It has been seven months since I bought my ClearVue Cyclone and I am finally getting started on its installation. The delay, as many already have heard, is because of damage to my right shoulder and subsequent rotator cuff surgery and rehab. i've made the bin full sensor (following Alan in Little Washingtons original concept), but implemented it differently than he did. Here is the schematic for it:



I've also made some 6" ports for my Table Saw and jointer, shown here are 'How to" and "Complete"

I've have also prepped the place I will install the unit (I need to pour a 42" square pad) and will build a frame to support the cyclone and keep it isolated from any of the house structure for sound attenuation. Here are two SketchUp drawings of the unit in its frame and on the pad:

My_ClearVue_Front.jpg


My_ClearVue_Left.jpg


If you are curious about the nice rendition of the ClearVue, I downloaded a complete version from the SketchUp 3D Warehouse and modified it (I removed the transition and filters and rotated the blower housing and intake chute to meet my configuration). In later version, I'll try to include the nearby house foundation walls (the cyclone is being installed in a 9' high crawl space below my shop), the bin full sensor and ducting.
 

Alan in Little Washington

Alan Schaffter
Corporate Member
It is about time!! Be careful, you don't want to re-injure your shoulder!. Call in the cavalry before you mount that sucker. Ya gonna make autogates? :wink_smil

9' crawl space?!?!?!?! I call that a basement- an unheard-of space out here in the east!
 

sapwood

New User
Roger
Dang, Rob.
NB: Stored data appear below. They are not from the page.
(* Let $\phi:V\to V$ be a continuous coherency preserver that is not degenerate. Then the map $\Phi:V\times\mathcal{Q}\to\mathcal{Q}$, $(a,p)\mapsto\varphi_a(p)$, is continuous.
   Context: Fix an integer $n\ge4$, let $V=\mathbb{R}^n$ with its standard topology and $q(x_1,\dots,x_n)=x_n^2-\sum_{k=1}^{n-1}x_k^2$. Points $x,y$ are coherent when $q(x-y)=0$; $\mathcal{C}(a)=\{m: q(m-a)=0\}$. A coherency preserver is a map $\phi:V\to V$ with $q(b-a)=0\Rightarrow q(\phi(b)-\phi(a))=0$; it is degenerate when its range is included in some $\mathcal{C}(c)$. Let $\mathcal{Q}=\{(x_1,\dots,x_{n-1},1): \sum_{k=1}^{n-1}x_k^2=1\}$ (with the subspace topology). For a non-degenerate continuous coherency preserver $\phi$, for every $a\in V$ and $p\in\mathcal{Q}$ there is a unique $p'\in\mathcal{Q}$ with $\phi(a+\mathbb{R}p)\subset\phi(a)+\mathbb{R}p'$; one sets $\varphi_a(p):=p'$, which defines $\varphi_a:\mathcal{Q}\to\mathcal{Q}$. *)

(* V = R^n is modelled as row vectors 'rV[R]_n over
   an abstract R : realType, with its standard (normed) topology. *)
From HB Require Import structures.
From mathcomp Require Import all_boot all_order all_algebra.
From mathcomp Require Import all_classical all_reals all_analysis.
Set Implicit Arguments. Unset Strict Implicit. Unset Printing Implicit Defensive.
Import Order.TTheory GRing.Theory Num.Theory.
Import numFieldNormedType.Exports.
Local Open Scope classical_set_scope.
Local Open Scope ring_scope.

Section Defs.
Variables (R : realType) (n : nat).
Notation V := 'rV[R]_n.

(* q(x) = x_n^2 - sum_{k=1}^{n-1} x_k^2 ; the last coordinate has index n.-1 *)
Definition qform (x : V) : R :=
  \sum_(i < n) (if (i : nat) == n.-1 then 1 else -1) * x 0 i ^+ 2.

Definition coherent (x y : V) : Prop := qform (x - y) = 0.

Definition lightcone (a : V) : set V := [set m | qform (m - a) = 0].

Definition coherency_preserver (phi : V -> V) : Prop :=
  forall a b : V, qform (b - a) = 0 -> qform (phi b - phi a) = 0.

Definition degenerate (phi : V -> V) : Prop :=
  exists c : V, range phi `<=` lightcone c.

Definition Qset : set V :=
  [set x | (forall i : 'I_n, (i : nat) = n.-1 -> x 0 i = 1) /\
           \sum_(i < n | (i : nat) != n.-1) x 0 i ^+ 2 = 1].

Definition maps_line_into (phi : V -> V) (a p p' : V) : Prop :=
  forall t : R, exists s : R, phi (a + t *: p) = phi a + s *: p'.

(* varphi_a(p) := the (unique, by the paper) p' in Q with
   phi(a + R p) ⊂ phi(a) + R p'; chosen via classical choice. *)
Definition varphi (phi : V -> V) (a p : V) : V :=
  xget 0 [set p' | Qset p' /\ maps_line_into phi a p p'].

End Defs.

(* Fix (a, p) and let B = mdot be the bilinear form of q.  If phi were
   constant on the line a + R p, every m with B (m - a, p) <> 0 would be
   coherent with a point of that line, hence phi m with phi a; these m are
   dense and phi is continuous, so phi would be degenerate.  Hence
   w = phi (a + t0 p) - phi a <> 0 for some t0.  Two null vectors with null
   difference are parallel, so all of phi (a + R p) lies on phi a + R w and
   varphi_a(p) is w rescaled to last coordinate 1.  This formula stays valid,
   and is continuous, for (b, r) near (a, p). *)
From HB Require Import structures.
From mathcomp Require Import all_boot all_order all_algebra.
From mathcomp Require Import all_classical all_reals all_analysis.
From mathcomp Require Import ring lra.
Set Implicit Arguments.
Unset Strict Implicit.
Unset Printing Implicit Defensive.

Import Order.TTheory GRing.Theory Num.Theory.
Import numFieldNormedType.Exports.
Local Open Scope classical_set_scope.
Local Open Scope ring_scope.

Section Minkowski.
Variables (R : realType) (n : nat) (l : 'I_n).
Hypothesis Hl : (l : nat) = n.-1.
Notation V := 'rV[R]_n.

Definition msign (i : 'I_n) : R := if (i : nat) == n.-1 then 1 else -1.
Definition mdot (x y : V) : R := \sum_(i < n) msign i * (x 0 i * y 0 i).
Definition sdot (x y : V) : R := \sum_(i < n | (i : nat) != n.-1) x 0 i * y 0 i.

Lemma qformE (x : V) : qform x = mdot x x.
Proof. by apply: eq_bigr => i _; rewrite expr2. Qed.

Lemma qformD (x y : V) : qform (x + y) = qform x + 2 * mdot x y + qform y.
Proof.
rewrite !qformE /mdot mulr_sumr -!big_split /=; apply: eq_bigr => i _.
rewrite !mxE; ring.
Qed.

Lemma qformZ (t : R) (x : V) : qform (t *: x) = t ^+ 2 * qform x.
Proof. by rewrite !qformE mulr_sumr; apply: eq_bigr => i _; rewrite !mxE; ring. Qed.

Lemma qformN (x : V) : qform (- x) = qform x.
Proof. by rewrite -scaleN1r qformZ sqrrN expr1n mul1r. Qed.

Lemma mdotDl (x y z : V) : mdot (x + y) z = mdot x z + mdot y z.
Proof. by rewrite /mdot -big_split /=; apply: eq_bigr => i _; rewrite !mxE; ring. Qed.

Lemma mdotZl (t : R) (x y : V) : mdot (t *: x) y = t * mdot x y.
Proof. by rewrite /mdot mulr_sumr; apply: eq_bigr => i _; rewrite !mxE; ring. Qed.

Lemma mdotZr (t : R) (x y : V) : mdot x (t *: y) = t * mdot x y.
Proof. by rewrite /mdot mulr_sumr; apply: eq_bigr => i _; rewrite !mxE; ring. Qed.

Lemma sdotNr (x y : V) : sdot x (- y) = - sdot x y.
Proof. by rewrite /sdot -sumrN; apply: eq_bigr => i _; rewrite mxE mulrN. Qed.

Lemma eq_lastE (i : 'I_n) : ((i : nat) == n.-1) = (i == l).
Proof. by rewrite -Hl. Qed.

Lemma mdot_split (x y : V) : mdot x y = x 0 l * y 0 l - sdot x y.
Proof.
rewrite /mdot /sdot (bigD1 l) //= /msign Hl eqxx mul1r; congr (_ + _).
rewrite -sumrN; apply: eq_big => i; first by rewrite eq_lastE.
by rewrite eq_lastE => /negbTE ->; rewrite mulN1r.
Qed.

Lemma qform_split (x : V) : qform x = x 0 l ^+ 2 - sdot x x.
Proof. by rewrite qformE mdot_split expr2. Qed.

Lemma qform_eq0_sdot (x : V) : qform x = 0 -> sdot x x = x 0 l ^+ 2.
Proof. by rewrite qform_split => /eqP; rewrite subr_eq0 => /eqP. Qed.

Lemma sdot_eq0 (x : V) :
  sdot x x = 0 -> forall i : 'I_n, (i : nat) != n.-1 -> x 0 i = 0.
Proof.
move=> /psumr_eq0P x0 i Hi; apply/eqP; rewrite -sqrf_eq0 expr2.
by apply/eqP; apply: x0 => // j _; rewrite -expr2 sqr_ge0.
Qed.

Lemma null_last_neq0 (w : V) : qform w = 0 -> w != 0 -> w 0 l != 0.
Proof.
move=> qw; apply: contraNN => /eqP w_l; apply/eqP/rowP => i; rewrite mxE.
have /sdot_eq0 wi0 : sdot w w = 0 by rewrite qform_eq0_sdot // w_l expr0n.
by have [->|ne] := eqVneq i l; [exact: w_l | apply: wi0; rewrite eq_lastE].
Qed.

Lemma null_diff_parallel (u w : V) : qform u = 0 -> qform w = 0 ->
  qform (u - w) = 0 -> w != 0 -> u = (u 0 l / w 0 l) *: w.
Proof.
move=> qu qw quw w0; have wl0 := null_last_neq0 qw w0.
have uw : sdot u w = u 0 l * w 0 l.
  have /eqP : 2 * mdot u (- w) = 0.
    by move: quw; rewrite qformD qu qformN qw add0r addr0.
  rewrite mulf_eq0 pnatr_eq0 /= mdot_split sdotNr mxE mulrN; lra.
(* Equality in Cauchy-Schwarz for the spatial parts of u and w. *)
have S0 : \sum_(i < n | (i : nat) != n.-1) (u 0 i * w 0 l - w 0 i * u 0 l) ^+ 2 = 0.
  transitivity (w 0 l ^+ 2 * sdot u u - 2 * u 0 l * w 0 l * sdot u w
                + u 0 l ^+ 2 * sdot w w); last first.
    by rewrite !qform_eq0_sdot // uw; ring.
  rewrite /sdot !mulr_sumr -sumrB -big_split /=; apply: eq_bigr => i _; ring.
apply/rowP => i; rewrite mxE.
have [->|ne] := eqVneq i l; first by rewrite mulfVK.
have /eqP : (u 0 i * w 0 l - w 0 i * u 0 l) ^+ 2 = 0.
  by move/psumr_eq0P: S0; apply=> [j _|]; [exact: sqr_ge0 | rewrite eq_lastE].
rewrite sqrf_eq0 subr_eq0 => /eqP uwi.
by rewrite mulrAC [u 0 l * _]mulrC -uwi mulfK.
Qed.

Definition lastv : V := \row_j (j == l)%:R.

Lemma mdot_lastv (p : V) : mdot lastv p = p 0 l.
Proof.
rewrite mdot_split /sdot mxE eqxx mul1r big1 ?subr0 // => i.
by rewrite mxE eq_lastE => /negbTE ->; rewrite mul0r.
Qed.

Lemma Qset_last (r : V) : Qset r -> r 0 l = 1.
Proof. by case=> r1 _; apply: r1. Qed.

Lemma Qset_null (r : V) : Qset r -> qform r = 0.
Proof.
move=> Qr; rewrite qform_split (Qset_last Qr) expr1n; apply/eqP.
rewrite subr_eq0; apply/eqP; case: Qr => _ <-.
by apply: eq_bigr => i _; rewrite expr2.
Qed.

Definition qnormalize (w : V) : V := (w 0 l)^-1 *: w.

Lemma Qset_qnormalize (w : V) : qform w = 0 -> w != 0 -> Qset (qnormalize w).
Proof.
move=> qw w0; have wl0 := null_last_neq0 qw w0; split.
  move=> i Hi; have -> : i = l by apply: val_inj; rewrite /= Hi Hl.
  by rewrite mxE mulVf.
transitivity ((w 0 l)^-1 ^+ 2 * sdot w w).
  by rewrite /sdot mulr_sumr; apply: eq_bigr => i _; rewrite mxE; ring.
by rewrite qform_eq0_sdot // -exprMn mulVf // expr1n.
Qed.

Lemma qnormalizeZ (s : R) (y : V) : Qset y -> s != 0 -> qnormalize (s *: y) = y.
Proof.
by move=> Qy s0; rewrite /qnormalize mxE (Qset_last Qy) mulr1 scalerA mulVf ?scale1r.
Qed.

Lemma cvg_qnormalize (T : Type) (F : set_system T) {FF : Filter F}
    (f : T -> V) (w : V) :
  w 0 l != 0 -> f @ F --> w -> qnormalize (f y) @[y --> F] --> qnormalize w.
Proof.
move=> wl0 fw; apply: cvgZ => //; apply: cvgV => //.
exact: (continuous_cvg _ (@coord_continuous R 1 n 0 l w) fw).
Qed.

End Minkowski.

Arguments lastv {R n}.

Lemma cvg_qform (R : realType) (n : nat) (T : Type) (F : set_system T)
    {FF : Filter F} (f : T -> 'rV[R]_n) (x : 'rV[R]_n) :
  f @ F --> x -> qform (f y) @[y --> F] --> qform x.
Proof.
move=> fx; apply: cvg_big => [|i _]; first exact: add_continuous.
have fxi : (f y) 0 i @[y --> F] --> x 0 i.
  exact: (continuous_cvg _ (@coord_continuous R 1 n 0 i x) fx).
by apply: cvgMl_tmp; rewrite expr2; apply: cvgM.
Qed.

Lemma continuous_eq0_punctured (R : realType) (f : R -> R) (x : R) :
  {for x, continuous f} -> (forall e, e != x -> f e = 0) -> f x = 0.
Proof.
move=> fx f0; have f0x : f @ x^' --> (0 : R).
  by apply: cvg_near_cst; near=> e; rewrite f0 //; near: e; exact: nbhs_dnbhs_neq.
have fx2 : f @ x^' --> f x by exact: (cvg_trans (cvg_app f (@nbhs_dnbhs _ x)) fx).
exact: (cvg_unique _ fx2 f0x).
Unshelve. all: by end_near. Qed.

Section Preserver.
Variables (R : realType) (n : nat) (l : 'I_n).
Hypothesis Hl : (l : nat) = n.-1.
Notation V := 'rV[R]_n.
Variable phi : V -> V.
Hypothesis cp : coherency_preserver phi.

Lemma preserver_line_null (b r : V) (t s : R) : Qset r ->
  qform (phi (b + t *: r) - phi (b + s *: r)) = 0.
Proof.
move=> Qr; apply: cp.
have -> : b + t *: r - (b + s *: r) = (t - s) *: r.
  by apply/rowP => i; rewrite !mxE; ring.
by rewrite qformZ (Qset_null Hl Qr) mulr0.
Qed.

Lemma preserver_chord_null (b r : V) (t : R) : Qset r ->
  qform (phi (b + t *: r) - phi b) = 0.
Proof. by move=> Qr; have := preserver_line_null b t 0 Qr; rewrite scale0r addr0. Qed.

Lemma varphiE (b r : V) (t0 : R) : Qset r -> phi (b + t0 *: r) != phi b ->
  varphi phi b r = qnormalize l (phi (b + t0 *: r) - phi b).
Proof.
move=> Qr; rewrite -subr_eq0; set w := phi (b + t0 *: r) - phi b => w0.
have qw : qform w = 0 by exact: preserver_chord_null.
apply: xget_unique.
  split; first exact: Qset_qnormalize.
  move=> t; set u := phi (b + t *: r) - phi b.
  have quw : qform (u - w) = 0.
    by rewrite /u /w opprB addrA subrK; apply: preserver_line_null.
  exists (u 0 l); rewrite scalerA -(null_diff_parallel Hl _ qw quw w0).
    by rewrite /u [RHS]addrC subrK.
  exact: preserver_chord_null.
move=> y [Qy /(_ t0) [s Hs]].
have wE : w = s *: y by rewrite /w Hs addrC addKr.
have s0 : s != 0 by move: w0; rewrite wE; apply: contraNN => /eqP ->; rewrite scale0r.
by rewrite wE qnormalizeZ.
Qed.

Hypothesis cphi : continuous phi.

Lemma const_line_coherent (a p m : V) : Qset p ->
  (forall t, phi (a + t *: p) = phi a) -> mdot (m - a) p != 0 ->
  qform (phi m - phi a) = 0.
Proof.
(* Since p is null, q (m - a - t p) = q (m - a) - 2 t B (m - a, p); t is its root. *)
move=> Qp phi_const mp0; set t := qform (m - a) / (2 * mdot (m - a) p).
rewrite -(phi_const t); apply: cp.
have -> : m - (a + t *: p) = (m - a) + (- t) *: p.
  by apply/rowP => i; rewrite !mxE; ring.
rewrite qformD qformZ (Qset_null Hl Qp) mulr0 addr0 mdotZr /t.
by field.
Qed.

Lemma const_line_degenerate (a p : V) : Qset p ->
  (forall t, phi (a + t *: p) = phi a) -> degenerate phi.
Proof.
move=> Qp phi_const; exists (phi a) => _ [m _ <-]; rewrite /lightcone /=.
have [mp0|] := eqVneq (mdot (m - a) p) 0; last exact: const_line_coherent.
pose g (e : R) := qform (phi (m + e *: lastv l) - phi a).
have -> : qform (phi m - phi a) = g 0 by rewrite /g scale0r addr0.
apply: continuous_eq0_punctured => [|e e0].
  apply: cvg_qform; apply: cvgB; last exact: cvg_cst.
  apply: (continuous_cvg _ (@cphi _)); apply: cvgD; first exact: cvg_cst.
  by apply: cvgZr_tmp; exact: cvg_id.
apply: (const_line_coherent Qp phi_const).
have -> : m + e *: lastv l - a = (m - a) + e *: lastv l.
  by apply/rowP => i; rewrite !mxE; ring.
by rewrite mdotDl mdotZl mdot_lastv // mp0 (Qset_last Hl Qp) add0r mulr1.
Qed.

Lemma cvg_varphi (a p : V) (t0 : R) : Qset p -> phi (a + t0 *: p) != phi a ->
  (fun y : V * V => varphi phi y.1 y.2)
    @ within ([set: V] `*` @Qset R n) (nbhs (a, p)) --> varphi phi a p.
Proof.
move=> Qp phi_t0.
pose w := fun y : V * V => phi (y.1 + t0 *: y.2) - phi y.1.
have wc : w @ nbhs (a, p) --> w (a, p).
  apply: cvgB; apply: (continuous_cvg _ (@cphi _)); last exact: cvg_fst.
  by apply: cvgD; [exact: cvg_fst | apply: cvgZ; [exact: cvg_cst | exact: cvg_snd]].
have w0 : w (a, p) != 0 by rewrite subr_eq0.
have wl0 := null_last_neq0 Hl (preserver_chord_null a t0 Qp) w0.
have near_w0 : \forall y \near (a, p), w y != 0 by apply: cvgr_neq0 wc w0.
have near_varphi : \forall y \near within ([set: V] `*` @Qset R n) (nbhs (a, p)),
    qnormalize l (w y) = varphi phi y.1 y.2.
  rewrite near_withinE; apply: filterS near_w0 => -[b r] wy0 [_ Qr] /=.
  by rewrite (varphiE (t0 := t0) Qr) // -subr_eq0.
rewrite (varphiE Qp phi_t0); apply: cvg_trans (near_eq_cvg near_varphi) _.
by apply: cvg_within_filter; exact: cvg_qnormalize.
Qed.

End Preserver.

Theorem lemma4p2 (R : realType) (n : nat) (phi : 'rV[R]_n -> 'rV[R]_n) :
  (4 <= n)%N ->
  continuous phi ->
  coherency_preserver phi ->
  ~ degenerate phi ->
  {within [set: 'rV[R]_n] `*` @Qset R n,
     continuous (fun ap : 'rV[R]_n * 'rV[R]_n => varphi phi ap.1 ap.2)}.
Proof.
move=> n4 cphi cp ndeg.
have lt_n : (n.-1 < n)%N by rewrite ltn_predL (leq_trans _ n4).
pose l : 'I_n := Ordinal lt_n.
apply/subspace_continuousP => -[a p] [_ /= Qp].
have [t0 phi_t0] : exists t0, phi (a + t0 *: p) != phi a.
  apply: contrapT => phi_const.
  apply/ndeg/(const_line_degenerate (l := l) (a := a) erefl cp cphi Qp) => t.
  by apply: contrapT => phi_t; apply: phi_const; exists t; apply/eqP.
exact: (cvg_varphi (l := l) erefl cp cphi Qp phi_t0).
Qed.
The schematic even has shadows :swoon:
You've waited seven months, so take your time and be wary of the shoulder.

Roger
 

gdoebs

New User
Geoff
I did the same 6" ports. They work great! I have picts of my install, I just need to find them and post 'em.

Good luck! And by all means get some help lifting the motor. I somehow did it by myself, climbing the ladder and placing the motor over my head and onto the bracket. I had to take it down and put it back up once. The second time I thought "how'd I do this the first time?" Then I got help.
 

TracyP

Administrator , Forum Moderator
Tracy
Rob, looks like you should be teaching the Sketchup class:gar-La;. Be careful with that arm, it would be bad to hurt it again so soon.
 
M

McRabbet

I made some progress on the installation this week -- got the blower mounted on the cyclone and spend several hours digging out and leveling the sloped dirt floor in my crawl space. Then I put in a 2 x 4 form made of full ground contact PT SYP, got it leveled and mixed seven 80-pound bags of Quikrete and poured the slab today. Not what I call lots of fun for a rotund old fart like me! But the hard part of that is done. I've also made the wall bracket and will use it upside down to gain as much height as possible. Where I am putting the unit, the motor itself will sit in between the 2 x 10 floor joists with the top of the motor bracket about 8'-6" above the slab. I'll get pictures posted later this week.
 

Alan in Little Washington

Alan Schaffter
Corporate Member
So who hauled and mixed the "seven 80-pound bags of Quikrete"? Not the man who is recovering from rotator cuff surgery?!?!?!?!!?!?!?

To mount the whole mess, I suggest mount everything to the structure illustrated in your first post in the horizontal position, then tilt everything upright as a complete unit. You could even use a come-along to pull it up. That is much easier than installing the bracket on the wall or a frame, then trying to lift and install the motor/blower,cyclone to the bracket.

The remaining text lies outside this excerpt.